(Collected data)
◆ ◆ ◆

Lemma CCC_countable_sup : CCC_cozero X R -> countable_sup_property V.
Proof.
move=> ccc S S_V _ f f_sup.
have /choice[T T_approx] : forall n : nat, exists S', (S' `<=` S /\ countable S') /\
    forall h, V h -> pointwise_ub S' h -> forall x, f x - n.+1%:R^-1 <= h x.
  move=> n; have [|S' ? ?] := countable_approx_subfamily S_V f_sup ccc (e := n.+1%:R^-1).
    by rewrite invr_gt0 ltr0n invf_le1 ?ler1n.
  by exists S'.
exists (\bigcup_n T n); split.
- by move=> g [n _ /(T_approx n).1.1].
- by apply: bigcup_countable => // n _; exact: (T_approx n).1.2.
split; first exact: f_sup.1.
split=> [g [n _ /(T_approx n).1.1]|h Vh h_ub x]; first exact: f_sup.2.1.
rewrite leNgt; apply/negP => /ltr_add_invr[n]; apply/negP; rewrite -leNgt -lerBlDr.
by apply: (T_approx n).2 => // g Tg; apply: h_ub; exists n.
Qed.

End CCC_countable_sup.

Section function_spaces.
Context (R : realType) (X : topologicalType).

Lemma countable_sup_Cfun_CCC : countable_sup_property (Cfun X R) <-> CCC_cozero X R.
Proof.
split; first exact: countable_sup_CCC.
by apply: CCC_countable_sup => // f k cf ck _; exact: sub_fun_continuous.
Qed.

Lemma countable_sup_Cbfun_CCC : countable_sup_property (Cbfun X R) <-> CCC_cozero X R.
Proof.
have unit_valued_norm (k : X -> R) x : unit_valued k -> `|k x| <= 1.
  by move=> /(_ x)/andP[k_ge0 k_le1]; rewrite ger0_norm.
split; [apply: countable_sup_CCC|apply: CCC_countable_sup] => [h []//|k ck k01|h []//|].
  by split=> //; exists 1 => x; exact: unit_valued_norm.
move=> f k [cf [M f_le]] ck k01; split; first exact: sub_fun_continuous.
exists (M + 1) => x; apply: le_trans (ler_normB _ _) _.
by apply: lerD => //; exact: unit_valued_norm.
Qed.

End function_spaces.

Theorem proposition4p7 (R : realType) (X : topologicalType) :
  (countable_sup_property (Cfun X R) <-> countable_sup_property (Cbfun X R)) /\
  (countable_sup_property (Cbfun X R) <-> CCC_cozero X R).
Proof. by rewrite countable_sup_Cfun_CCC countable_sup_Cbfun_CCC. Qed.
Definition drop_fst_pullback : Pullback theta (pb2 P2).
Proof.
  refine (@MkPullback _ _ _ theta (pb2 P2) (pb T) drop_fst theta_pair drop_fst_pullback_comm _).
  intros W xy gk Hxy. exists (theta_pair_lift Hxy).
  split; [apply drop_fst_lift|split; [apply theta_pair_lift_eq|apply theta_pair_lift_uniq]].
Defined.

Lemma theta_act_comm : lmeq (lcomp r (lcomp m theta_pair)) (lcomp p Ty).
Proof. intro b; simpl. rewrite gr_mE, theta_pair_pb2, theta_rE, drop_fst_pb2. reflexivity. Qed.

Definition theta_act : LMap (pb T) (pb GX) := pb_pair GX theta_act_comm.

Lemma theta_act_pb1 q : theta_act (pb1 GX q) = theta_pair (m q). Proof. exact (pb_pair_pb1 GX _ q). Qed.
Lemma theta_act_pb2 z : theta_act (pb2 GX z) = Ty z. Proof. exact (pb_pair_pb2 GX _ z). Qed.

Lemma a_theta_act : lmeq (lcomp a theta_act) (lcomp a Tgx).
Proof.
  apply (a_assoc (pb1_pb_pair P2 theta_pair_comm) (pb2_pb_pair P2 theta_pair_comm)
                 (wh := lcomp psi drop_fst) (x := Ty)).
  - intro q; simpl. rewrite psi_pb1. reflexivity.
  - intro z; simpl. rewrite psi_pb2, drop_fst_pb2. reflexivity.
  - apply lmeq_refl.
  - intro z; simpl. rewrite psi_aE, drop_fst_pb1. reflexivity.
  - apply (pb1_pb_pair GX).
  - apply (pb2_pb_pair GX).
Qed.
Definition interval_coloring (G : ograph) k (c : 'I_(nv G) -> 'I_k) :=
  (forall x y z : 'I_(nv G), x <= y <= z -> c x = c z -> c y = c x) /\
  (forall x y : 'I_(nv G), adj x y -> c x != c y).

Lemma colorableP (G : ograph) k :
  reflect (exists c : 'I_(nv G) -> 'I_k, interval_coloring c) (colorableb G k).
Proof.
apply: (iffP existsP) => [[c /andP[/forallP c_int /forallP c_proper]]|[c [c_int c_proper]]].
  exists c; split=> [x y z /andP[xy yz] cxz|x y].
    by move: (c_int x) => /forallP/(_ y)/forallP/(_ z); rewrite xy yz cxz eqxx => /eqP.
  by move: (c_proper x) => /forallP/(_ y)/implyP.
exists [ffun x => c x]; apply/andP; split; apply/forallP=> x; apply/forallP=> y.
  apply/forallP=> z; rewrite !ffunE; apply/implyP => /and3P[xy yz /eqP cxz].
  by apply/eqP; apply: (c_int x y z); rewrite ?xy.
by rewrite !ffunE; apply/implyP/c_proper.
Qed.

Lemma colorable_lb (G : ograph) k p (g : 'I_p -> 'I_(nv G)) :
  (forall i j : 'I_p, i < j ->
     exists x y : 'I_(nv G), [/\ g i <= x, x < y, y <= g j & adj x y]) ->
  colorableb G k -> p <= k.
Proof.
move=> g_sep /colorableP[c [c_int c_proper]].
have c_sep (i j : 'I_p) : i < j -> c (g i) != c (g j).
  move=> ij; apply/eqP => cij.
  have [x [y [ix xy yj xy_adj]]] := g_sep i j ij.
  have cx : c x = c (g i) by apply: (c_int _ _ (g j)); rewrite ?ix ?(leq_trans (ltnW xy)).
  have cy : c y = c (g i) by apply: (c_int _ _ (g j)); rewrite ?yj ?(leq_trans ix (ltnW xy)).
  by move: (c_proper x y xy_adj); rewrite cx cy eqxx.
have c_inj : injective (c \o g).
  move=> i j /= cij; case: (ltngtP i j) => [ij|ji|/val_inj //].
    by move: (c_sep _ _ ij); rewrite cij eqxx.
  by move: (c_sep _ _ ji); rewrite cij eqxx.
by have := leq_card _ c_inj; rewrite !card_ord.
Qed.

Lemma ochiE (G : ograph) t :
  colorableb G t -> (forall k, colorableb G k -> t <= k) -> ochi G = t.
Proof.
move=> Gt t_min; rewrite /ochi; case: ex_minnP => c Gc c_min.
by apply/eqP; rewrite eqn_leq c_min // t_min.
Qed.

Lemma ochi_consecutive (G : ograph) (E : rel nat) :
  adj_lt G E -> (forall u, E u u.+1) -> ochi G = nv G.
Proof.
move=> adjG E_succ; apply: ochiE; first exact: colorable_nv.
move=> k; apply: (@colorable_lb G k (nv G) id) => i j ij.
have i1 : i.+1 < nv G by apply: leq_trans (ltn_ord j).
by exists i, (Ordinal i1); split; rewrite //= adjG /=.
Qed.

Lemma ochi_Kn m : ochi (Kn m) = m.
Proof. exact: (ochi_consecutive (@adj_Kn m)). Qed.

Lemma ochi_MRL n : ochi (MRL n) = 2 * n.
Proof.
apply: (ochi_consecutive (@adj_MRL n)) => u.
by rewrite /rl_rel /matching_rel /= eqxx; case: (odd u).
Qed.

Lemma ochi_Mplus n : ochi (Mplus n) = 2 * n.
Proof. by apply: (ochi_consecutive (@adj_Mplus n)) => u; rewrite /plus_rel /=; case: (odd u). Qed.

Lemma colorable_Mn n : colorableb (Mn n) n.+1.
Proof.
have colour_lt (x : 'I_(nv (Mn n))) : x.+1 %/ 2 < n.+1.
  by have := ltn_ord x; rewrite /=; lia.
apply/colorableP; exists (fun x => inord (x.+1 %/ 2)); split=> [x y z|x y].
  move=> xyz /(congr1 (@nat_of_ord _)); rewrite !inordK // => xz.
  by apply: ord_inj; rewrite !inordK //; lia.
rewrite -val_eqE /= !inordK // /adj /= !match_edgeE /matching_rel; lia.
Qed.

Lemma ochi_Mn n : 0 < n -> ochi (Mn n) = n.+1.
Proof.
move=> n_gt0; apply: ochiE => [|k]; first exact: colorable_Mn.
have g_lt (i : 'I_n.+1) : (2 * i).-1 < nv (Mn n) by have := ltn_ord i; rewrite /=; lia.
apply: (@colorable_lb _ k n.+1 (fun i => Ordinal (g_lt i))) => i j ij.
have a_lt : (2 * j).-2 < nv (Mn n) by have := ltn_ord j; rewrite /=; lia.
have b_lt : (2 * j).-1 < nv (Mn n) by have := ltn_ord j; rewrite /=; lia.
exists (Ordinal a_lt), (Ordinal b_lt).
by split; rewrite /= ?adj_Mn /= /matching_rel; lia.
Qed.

◆ ◆ ◆

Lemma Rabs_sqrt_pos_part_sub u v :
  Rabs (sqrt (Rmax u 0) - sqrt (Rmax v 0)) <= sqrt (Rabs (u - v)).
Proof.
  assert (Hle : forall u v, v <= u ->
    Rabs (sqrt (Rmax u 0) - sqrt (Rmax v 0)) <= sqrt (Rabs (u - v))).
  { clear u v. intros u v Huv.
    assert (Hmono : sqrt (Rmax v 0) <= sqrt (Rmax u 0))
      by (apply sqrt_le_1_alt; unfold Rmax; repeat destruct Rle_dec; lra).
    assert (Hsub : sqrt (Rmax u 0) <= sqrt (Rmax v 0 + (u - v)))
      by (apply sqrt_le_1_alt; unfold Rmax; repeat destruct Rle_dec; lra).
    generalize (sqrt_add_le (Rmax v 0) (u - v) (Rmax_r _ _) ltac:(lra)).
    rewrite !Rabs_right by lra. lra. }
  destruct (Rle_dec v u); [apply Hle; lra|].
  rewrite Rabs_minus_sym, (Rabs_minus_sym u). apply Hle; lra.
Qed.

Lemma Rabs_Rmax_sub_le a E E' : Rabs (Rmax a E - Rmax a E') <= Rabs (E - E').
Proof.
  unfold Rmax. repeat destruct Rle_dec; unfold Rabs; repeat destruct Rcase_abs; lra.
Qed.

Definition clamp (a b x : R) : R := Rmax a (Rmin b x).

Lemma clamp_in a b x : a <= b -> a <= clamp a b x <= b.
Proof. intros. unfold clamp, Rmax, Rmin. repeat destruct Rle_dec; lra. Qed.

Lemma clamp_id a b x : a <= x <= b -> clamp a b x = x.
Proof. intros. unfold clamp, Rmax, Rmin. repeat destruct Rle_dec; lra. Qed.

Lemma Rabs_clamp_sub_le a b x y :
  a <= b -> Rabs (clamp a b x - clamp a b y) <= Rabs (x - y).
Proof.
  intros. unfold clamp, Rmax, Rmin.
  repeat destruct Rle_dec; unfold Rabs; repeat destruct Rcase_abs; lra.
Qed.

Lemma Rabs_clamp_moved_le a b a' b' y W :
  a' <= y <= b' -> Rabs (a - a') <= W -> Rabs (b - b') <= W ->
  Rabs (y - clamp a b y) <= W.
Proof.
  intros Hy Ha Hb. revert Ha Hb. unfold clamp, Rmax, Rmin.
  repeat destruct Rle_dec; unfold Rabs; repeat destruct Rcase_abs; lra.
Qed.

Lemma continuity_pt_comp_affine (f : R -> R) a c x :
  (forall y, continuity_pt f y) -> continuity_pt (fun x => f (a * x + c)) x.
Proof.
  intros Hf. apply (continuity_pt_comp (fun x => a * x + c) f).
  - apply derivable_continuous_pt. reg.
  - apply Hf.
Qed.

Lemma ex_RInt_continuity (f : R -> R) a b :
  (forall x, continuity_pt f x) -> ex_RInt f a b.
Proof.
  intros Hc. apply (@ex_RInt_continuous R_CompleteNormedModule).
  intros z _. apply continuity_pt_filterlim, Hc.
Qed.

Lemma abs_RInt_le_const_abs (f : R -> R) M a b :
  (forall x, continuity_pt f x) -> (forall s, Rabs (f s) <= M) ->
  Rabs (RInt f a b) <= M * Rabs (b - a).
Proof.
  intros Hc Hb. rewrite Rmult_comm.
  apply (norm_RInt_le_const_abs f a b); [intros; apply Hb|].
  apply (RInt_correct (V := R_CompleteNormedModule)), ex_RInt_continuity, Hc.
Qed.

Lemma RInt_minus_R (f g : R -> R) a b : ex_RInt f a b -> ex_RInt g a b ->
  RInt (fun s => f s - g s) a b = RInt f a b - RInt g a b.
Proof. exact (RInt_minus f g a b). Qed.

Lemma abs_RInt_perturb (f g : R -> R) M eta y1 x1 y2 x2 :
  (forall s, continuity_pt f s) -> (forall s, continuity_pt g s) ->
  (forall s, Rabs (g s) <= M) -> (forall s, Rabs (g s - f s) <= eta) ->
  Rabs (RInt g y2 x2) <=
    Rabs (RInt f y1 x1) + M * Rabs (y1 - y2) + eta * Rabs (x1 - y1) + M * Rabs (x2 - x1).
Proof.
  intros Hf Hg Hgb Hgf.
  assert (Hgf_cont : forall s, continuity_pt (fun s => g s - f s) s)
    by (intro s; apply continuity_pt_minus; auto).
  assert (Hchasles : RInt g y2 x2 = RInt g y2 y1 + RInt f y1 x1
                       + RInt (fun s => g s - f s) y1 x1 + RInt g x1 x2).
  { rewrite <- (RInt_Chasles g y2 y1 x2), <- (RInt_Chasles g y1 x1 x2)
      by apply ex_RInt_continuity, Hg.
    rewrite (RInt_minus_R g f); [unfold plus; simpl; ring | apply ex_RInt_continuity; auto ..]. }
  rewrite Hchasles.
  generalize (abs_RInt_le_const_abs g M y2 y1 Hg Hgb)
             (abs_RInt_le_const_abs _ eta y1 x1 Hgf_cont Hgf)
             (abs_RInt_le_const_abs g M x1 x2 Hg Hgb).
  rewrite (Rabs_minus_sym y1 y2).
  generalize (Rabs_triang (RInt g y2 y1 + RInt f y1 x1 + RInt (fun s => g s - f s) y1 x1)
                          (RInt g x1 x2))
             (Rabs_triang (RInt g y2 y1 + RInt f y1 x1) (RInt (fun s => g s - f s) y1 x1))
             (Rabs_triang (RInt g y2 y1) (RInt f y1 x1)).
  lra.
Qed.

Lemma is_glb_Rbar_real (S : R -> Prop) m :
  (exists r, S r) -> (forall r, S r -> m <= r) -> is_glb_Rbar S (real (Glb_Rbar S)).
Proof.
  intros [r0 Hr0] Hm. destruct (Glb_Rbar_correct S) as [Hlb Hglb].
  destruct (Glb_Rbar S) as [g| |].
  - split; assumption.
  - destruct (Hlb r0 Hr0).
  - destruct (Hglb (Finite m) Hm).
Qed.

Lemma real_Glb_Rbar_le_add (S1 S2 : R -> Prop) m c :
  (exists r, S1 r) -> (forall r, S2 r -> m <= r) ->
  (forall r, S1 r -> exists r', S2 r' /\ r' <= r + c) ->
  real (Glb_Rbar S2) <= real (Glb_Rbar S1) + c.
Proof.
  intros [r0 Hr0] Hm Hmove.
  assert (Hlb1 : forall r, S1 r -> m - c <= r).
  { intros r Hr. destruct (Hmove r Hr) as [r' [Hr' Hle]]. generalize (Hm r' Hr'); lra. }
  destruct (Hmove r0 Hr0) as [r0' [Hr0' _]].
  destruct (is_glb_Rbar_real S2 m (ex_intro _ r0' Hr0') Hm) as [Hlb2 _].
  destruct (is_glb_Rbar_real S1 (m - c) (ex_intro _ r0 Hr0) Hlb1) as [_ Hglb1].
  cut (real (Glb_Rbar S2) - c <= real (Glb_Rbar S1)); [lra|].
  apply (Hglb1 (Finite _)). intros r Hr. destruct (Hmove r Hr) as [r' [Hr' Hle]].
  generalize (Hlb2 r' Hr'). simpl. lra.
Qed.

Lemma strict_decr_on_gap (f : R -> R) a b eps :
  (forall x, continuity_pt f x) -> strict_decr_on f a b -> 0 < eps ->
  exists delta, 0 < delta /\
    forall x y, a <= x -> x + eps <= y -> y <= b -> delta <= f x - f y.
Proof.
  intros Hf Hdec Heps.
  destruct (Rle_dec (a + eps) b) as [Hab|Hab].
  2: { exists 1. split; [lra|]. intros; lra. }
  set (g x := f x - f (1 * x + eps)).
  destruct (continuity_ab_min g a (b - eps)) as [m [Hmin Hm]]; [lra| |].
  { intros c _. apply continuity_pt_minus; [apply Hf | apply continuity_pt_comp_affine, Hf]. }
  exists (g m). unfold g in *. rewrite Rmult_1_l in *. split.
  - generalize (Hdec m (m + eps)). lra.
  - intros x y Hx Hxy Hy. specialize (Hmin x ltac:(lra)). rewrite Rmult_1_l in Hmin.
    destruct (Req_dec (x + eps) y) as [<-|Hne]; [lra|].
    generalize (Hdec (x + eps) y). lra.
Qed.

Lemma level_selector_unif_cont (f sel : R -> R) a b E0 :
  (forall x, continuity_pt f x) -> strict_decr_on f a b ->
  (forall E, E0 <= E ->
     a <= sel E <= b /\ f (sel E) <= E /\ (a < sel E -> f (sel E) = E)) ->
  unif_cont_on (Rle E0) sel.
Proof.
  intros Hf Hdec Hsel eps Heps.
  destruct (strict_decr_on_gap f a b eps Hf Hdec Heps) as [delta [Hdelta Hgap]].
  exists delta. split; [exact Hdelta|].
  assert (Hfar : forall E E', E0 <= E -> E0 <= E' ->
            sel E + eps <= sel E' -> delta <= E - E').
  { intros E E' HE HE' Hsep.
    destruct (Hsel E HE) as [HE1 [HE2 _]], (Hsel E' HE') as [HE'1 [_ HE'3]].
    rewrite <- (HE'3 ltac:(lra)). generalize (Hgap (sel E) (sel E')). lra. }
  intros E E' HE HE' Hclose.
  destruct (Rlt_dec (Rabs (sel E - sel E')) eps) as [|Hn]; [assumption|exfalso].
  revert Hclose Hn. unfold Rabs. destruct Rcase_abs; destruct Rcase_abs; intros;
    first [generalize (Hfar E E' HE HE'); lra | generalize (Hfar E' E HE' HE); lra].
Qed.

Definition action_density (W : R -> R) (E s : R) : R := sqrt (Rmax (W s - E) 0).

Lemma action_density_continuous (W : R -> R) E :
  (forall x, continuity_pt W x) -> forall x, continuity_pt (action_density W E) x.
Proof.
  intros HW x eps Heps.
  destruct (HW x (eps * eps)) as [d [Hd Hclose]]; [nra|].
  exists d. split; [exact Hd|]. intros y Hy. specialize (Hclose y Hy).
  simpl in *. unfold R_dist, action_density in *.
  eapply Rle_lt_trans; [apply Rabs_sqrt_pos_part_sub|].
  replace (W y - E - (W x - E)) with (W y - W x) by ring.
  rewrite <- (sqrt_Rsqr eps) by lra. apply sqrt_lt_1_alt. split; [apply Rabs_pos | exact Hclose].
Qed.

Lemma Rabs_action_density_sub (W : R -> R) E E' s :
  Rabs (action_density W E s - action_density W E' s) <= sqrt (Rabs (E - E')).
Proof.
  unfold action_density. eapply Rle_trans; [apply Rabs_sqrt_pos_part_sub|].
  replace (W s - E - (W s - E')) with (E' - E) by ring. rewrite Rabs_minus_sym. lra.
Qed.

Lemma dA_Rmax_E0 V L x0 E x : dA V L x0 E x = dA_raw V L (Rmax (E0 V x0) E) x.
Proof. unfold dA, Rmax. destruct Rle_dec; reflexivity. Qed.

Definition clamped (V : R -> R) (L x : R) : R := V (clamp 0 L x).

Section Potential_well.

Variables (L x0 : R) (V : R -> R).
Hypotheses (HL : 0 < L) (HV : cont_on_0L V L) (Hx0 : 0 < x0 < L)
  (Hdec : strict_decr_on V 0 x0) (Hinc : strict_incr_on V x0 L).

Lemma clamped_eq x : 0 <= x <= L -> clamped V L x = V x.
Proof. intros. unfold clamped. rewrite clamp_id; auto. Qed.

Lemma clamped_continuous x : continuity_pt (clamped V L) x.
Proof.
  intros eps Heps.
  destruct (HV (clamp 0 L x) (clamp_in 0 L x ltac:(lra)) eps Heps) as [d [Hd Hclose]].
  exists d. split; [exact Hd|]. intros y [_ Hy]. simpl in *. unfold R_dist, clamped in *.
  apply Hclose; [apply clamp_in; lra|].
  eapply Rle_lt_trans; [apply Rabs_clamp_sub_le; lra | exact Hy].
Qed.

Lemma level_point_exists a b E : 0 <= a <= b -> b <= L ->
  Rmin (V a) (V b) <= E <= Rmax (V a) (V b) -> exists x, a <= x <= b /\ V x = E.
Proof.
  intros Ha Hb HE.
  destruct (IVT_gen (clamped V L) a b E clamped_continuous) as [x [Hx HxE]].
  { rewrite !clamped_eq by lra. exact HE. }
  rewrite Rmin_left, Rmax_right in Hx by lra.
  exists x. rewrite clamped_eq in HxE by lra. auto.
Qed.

◆ ◆ ◆

The problem: Given the records above, reproduce precisely and only the lines between the line holding "exists c; split=>" and the line holding "Proof. by apply: (ochi_consecutive", inclusive.

Exercise result:
  exists c; split=> [x y z /andP[xy yz] cxz|x y].
    by move: (c_int x) => /forallP/(_ y)/forallP/(_ z); rewrite xy yz cxz eqxx => /eqP.
  by move: (c_proper x) => /forallP/(_ y)/implyP.
exists [ffun x => c x]; apply/andP; split; apply/forallP=> x; apply/forallP=> y.
  apply/forallP=> z; rewrite !ffunE; apply/implyP => /and3P[xy yz /eqP cxz].
  by apply/eqP; apply: (c_int x y z); rewrite ?xy.
by rewrite !ffunE; apply/implyP/c_proper.
Qed.

Lemma colorable_lb (G : ograph) k p (g : 'I_p -> 'I_(nv G)) :
  (forall i j : 'I_p, i < j ->
     exists x y : 'I_(nv G), [/\ g i <= x, x < y, y <= g j & adj x y]) ->
  colorableb G k -> p <= k.
Proof.
move=> g_sep /colorableP[c [c_int c_proper]].
have c_sep (i j : 'I_p) : i < j -> c (g i) != c (g j).
  move=> ij; apply/eqP => cij.
  have [x [y [ix xy yj xy_adj]]] := g_sep i j ij.
  have cx : c x = c (g i) by apply: (c_int _ _ (g j)); rewrite ?ix ?(leq_trans (ltnW xy)).
  have cy : c y = c (g i) by apply: (c_int _ _ (g j)); rewrite ?yj ?(leq_trans ix (ltnW xy)).
  by move: (c_proper x y xy_adj); rewrite cx cy eqxx.
have c_inj : injective (c \o g).
  move=> i j /= cij; case: (ltngtP i j) => [ij|ji|/val_inj //].
    by move: (c_sep _ _ ij); rewrite cij eqxx.
  by move: (c_sep _ _ ji); rewrite cij eqxx.
by have := leq_card _ c_inj; rewrite !card_ord.
Qed.

Lemma ochiE (G : ograph) t :
  colorableb G t -> (forall k, colorableb G k -> t <= k) -> ochi G = t.
Proof.
move=> Gt t_min; rewrite /ochi; case: ex_minnP => c Gc c_min.
by apply/eqP; rewrite eqn_leq c_min // t_min.
Qed.

Lemma ochi_consecutive (G : ograph) (E : rel nat) :
  adj_lt G E -> (forall u, E u u.+1) -> ochi G = nv G.
Proof.
move=> adjG E_succ; apply: ochiE; first exact: colorable_nv.
move=> k; apply: (@colorable_lb G k (nv G) id) => i j ij.
have i1 : i.+1 < nv G by apply: leq_trans (ltn_ord j).
by exists i, (Ordinal i1); split; rewrite //= adjG /=.
Qed.

Lemma ochi_Kn m : ochi (Kn m) = m.
Proof. exact: (ochi_consecutive (@adj_Kn m)). Qed.

Lemma ochi_MRL n : ochi (MRL n) = 2 * n.
Proof.
apply: (ochi_consecutive (@adj_MRL n)) => u.
by rewrite /rl_rel /matching_rel /= eqxx; case: (odd u).
Qed.

Lemma ochi_Mplus n : ochi (Mplus n) = 2 * n.
Proof. by apply: (ochi_consecutive (@adj_Mplus n)) => u; rewrite /plus_rel /=; case: (odd u). Qed.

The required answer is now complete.